Wait behind the first person.
Waiting.
Are you sure you're really THAT hungry, my darling child?
Waiting. Sulking, seething, whimpering from seat beside me. "I'm going to be late".
Proceed to second window.
Nice lady at window hands me yogurt and water. I didn't order yogurt and water. Mr. Big rolls eyes and grumbles something naughty.
Proceed to actually order the food.
Waiting. New lady, again with the yogurt. Tempted to just take it.
Food arrives, paid with a $20, nerd in ballcap drags out abacus to calculate my purchase.
I'm in "luck", says he, we're not charging tax today. Why, thank you, my dear sweet fry monkey. Can I go now?
Mr. Big ravenously consumes his bagel and burrito, and mentions they forgot the hash browns. Pondering to myself if it is worth the trip back. Decide it is. I really like hash browns.
Drop of the boy, and head back to town.
Pull up to speaker box.
"I'm sorry but our system is down, could you...".... I pull up to the second window.
Explain the absence of said fried spuds, and bite into my own (now cold) breakfast. Wrong sandwich. Mention the error to fry monkey. Eyes rolling, he uses a pencil to write down what I had ordered the first time. Siiiiiigh, he says, simulating sincerity. He probably spit in my food.
There must be something inherently defective with children over 12 and orbital traction. Will have to research that.
New, hot, fresh food in bag, with hash browns, and I'm on my way. Give other (wrong, cold)sandwich to babydawg upon arrival home. Decided I didn't like the new sandwich all that much after all, give it to Bigdawg. Hashbrowns are all limp and rubbery. Pour myself the largest mug of coffee I could carry, and sit down here to bore you with my problems.
I'm lovin' it.

3 Comments:

Blogger S said...

Stupid people suck.

The last time I was there, I ordered at the window speaker-thingy, then get to the second window (where they told me to go), to be told (with a snotty teen attiTUDE) "you were supposed to go to the first window to pay"....and actually expected me to back my car up to the first window. I told the snotty zit-encrusted thing (wasn't sure if it was male or female) that he could kiss my hungry ass and take the damn coin and gimme my high-caloric, heart attack inducing meal.

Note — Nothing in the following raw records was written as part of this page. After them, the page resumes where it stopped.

Lemma minimal_face_center C q : C q -> minimal_face C q q.
Proof. by move=> Cq; split=> //; exists 1 => //; rewrite subrr scaler0 addr0. Qed.

Section Face.
Variables (C : set 'cV[R]_p) (q : 'cV[R]_p).
Hypotheses (Cconv : convex_set C) (Cq : C q).

Lemma minimal_face_convex : convex_set (minimal_face C q).
Proof.
move=> x y l [Cx [e1 e1_gt0 Cx1]] [Cy [e2 e2_gt0 Cy2]] l01.
split; first exact: Cconv.
pose e := Num.min e1 e2.
have e_gt0 : 0 < e by rewrite lt_min e1_gt0 e2_gt0.
have e_le1 : e <= e1 by rewrite ge_min lexx.
have e_le2 : e <= e2 by rewrite ge_min lexx orbT.
exists e => //.
have r1 : e / e1 <= 1 by rewrite ler_pdivrMr // mul1r.
have r2 : e / e2 <= 1 by rewrite ler_pdivrMr // mul1r.
have r1' : 0 <= e / e1 by rewrite divr_ge0 // ltW.
have r2' : 0 <= e / e2 by rewrite divr_ge0 // ltW.
move: l01 => /andP[l0 l1].
have -> : q + e *: (q - (l *: x + (1 - l) *: y)) =
    (l * (1 - e / e1) + (1 - l) * (1 - e / e2)) *: q
    + (l * (e / e1)) *: (q + e1 *: (q - x)) + ((1 - l) * (e / e2)) *: (q + e2 *: (q - y)).
  by apply/matrixP => i k; rewrite !mxE; field; rewrite ?gt_eqF.
by apply: convex_set3 => //; [nra | nra | nra | field; rewrite !gt_eqF].
Qed.

Lemma minimal_face_extreme x y l : C x -> C y -> 0 < l < 1 ->
  minimal_face C q (l *: x + (1 - l) *: y) -> minimal_face C q x.
Proof.
move=> Cx Cy /andP[l0 l1] [_ [e e_gt0 Cqe]]; split=> //.
have e1 : 0 < 1 + e by rewrite addr_gt0.
exists (l * e / (1 + e)); first by rewrite divr_gt0 ?mulr_gt0.
have -> : q + (l * e / (1 + e)) *: (q - x) =
    (e * l / (1 + e)) *: q + (1 / (1 + e)) *: (q + e *: (q - (l *: x + (1 - l) *: y)))
    + (e * (1 - l) / (1 + e)) *: y.
  by apply/matrixP => i k; rewrite !mxE; field; rewrite gt_eqF.
apply: convex_set3 => //; rewrite ?divr_ge0 ?mulr_ge0 //; try lra.
by field; rewrite gt_eqF.
Qed.

Lemma minimal_face_face : is_face C (minimal_face C q).
Proof.
split; [by move=> y [] | exact: minimal_face_convex |].
move=> x y l Cx Cy l01 Fxy; split; first exact: minimal_face_extreme Fxy.
have l01' : 0 < 1 - l < 1 by case/andP: l01 => l0 l1; apply/andP; split; lra.
apply: minimal_face_extreme Cy Cx l01' _.
by rewrite (_ : 1 - (1 - l) = l) 1?addrC //; ring.
Qed.

End Face.
End MinimalFace.

Section Argmin.
Variables (R : realType) (m n : nat) (A : 'M[R]_(m + 1, n)) (v : 'cV[R]_m).

Lemma lin_argmin_face (C : set 'cV[R]_(m + 1)) : convex_set C ->
  is_face C [set w | C w /\ forall w', C w' -> lin v w <= lin v w'].
Proof.
move=> Cconv; split; first by move=> w [].
  move=> x y l [Cx xmin] [Cy ymin] l01; split; first exact: Cconv.
  move=> w' Cw'; rewrite linD !linZ; move: l01 => /andP[l0 l1].
  by have := xmin _ Cw'; have := ymin _ Cw'; nra.
move=> x y l Cx Cy /andP[l0 l1] [Cxy xymin].
have := xymin _ Cx; have := xymin _ Cy; rewrite linD !linZ => ley lex.
by split; split=> // w' Cw'; have := xymin _ Cw'; rewrite linD !linZ; nra.
Qed.

Lemma convA_convex : convex_set (convA A).
Proof.
move=> _ _ l [x xs <-] [y ys <-] l01; exists (l *: x + (1 - l) *: y).
  exact: simplex_convex.
by rewrite mulmxDr -!scalemxAr.
Qed.

Lemma Fv_face : is_face (convA A) (Fv A v).
Proof. exact: lin_argmin_face convA_convex. Qed.

Lemma col_convA j : convA A (col j A).
Proof. by exists (delta_mx j 0); [exact: simplex_delta | rewrite colE]. Qed.

Lemma Fv_convex : convex_set (Fv A v).
Proof. by case: Fv_face. Qed.

Lemma Fv_col z j : simplex n z -> Fv A v (A *m z) -> z j 0 != 0 -> Fv A v (col j A).
Proof. by move=> zs; apply: face_mulmx_col convA_convex Fv_face zs _ => i _; exact: col_convA. Qed.

Section FvFace.
Variable G : set 'cV[R]_(m + 1).
Hypothesis Gface : is_face (Fv A v) G.

Lemma face_conv_cols w : G w -> conv_cols A (fun j => G (col j A)) w.
Proof.
move=> Gw; have [GF _ _] := Gface; have [[b bs bw] _] := GF _ Gw.
have bF i : b i 0 != 0 -> Fv A v (col i A) by apply: Fv_col bs _; rewrite bw; exact: GF.
exists b => //; split=> // j; apply: contra_notP => /eqP.
by apply: face_mulmx_col Fv_convex Gface bs bF _; rewrite bw.
Qed.

Lemma face_cols_separated b g : simplex_on (fun j => G (col j A)) b ->
  simplex_on (fun j => ~ G (col j A)) g -> A *m b <> A *m g.
Proof.
move=> [bs bG] [gs gG] ebg; have [GF Gconv _] := Gface.
have Gg : G (A *m g).
  rewrite -ebg; apply: convex_set_mulmx Gconv bs _ => j bj.
  by have [//|/bG bj0] := pselect (G (col j A)); move: bj; rewrite bj0 eqxx.
have [j gj] := simplex_neq0 gs.
have gF i : g i 0 != 0 -> Fv A v (col i A) by apply: Fv_col gs _; exact: GF.
have Gj := face_mulmx_col Fv_convex Gface gs gF Gg gj.
by move: gj; rewrite gG ?eqxx.
Qed.

End FvFace.

End Argmin.

Section FacialDistance.
Variables (R : realType) (m n : nat) (N : 'cV[R]_m -> R).
Variables (A : 'M[R]_(m + 1, n)) (v : 'cV[R]_m).
Hypothesis Nnorm : is_norm N.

And, still we go there.....why?

I think it's for the fries-they're too damn good.

Wed Jul 27, 03:05:00 PM EDT  
Blogger laura said...

i would never go there, except that they lace the hash browns with crack. so i can't be held responsible.

Thu Jul 28, 08:53:00 AM EDT  
Blogger Julie said...

See, that's my secret plan. Eat poorly, become addicted to crack, and then become pregnant. Worked for the girl down the street.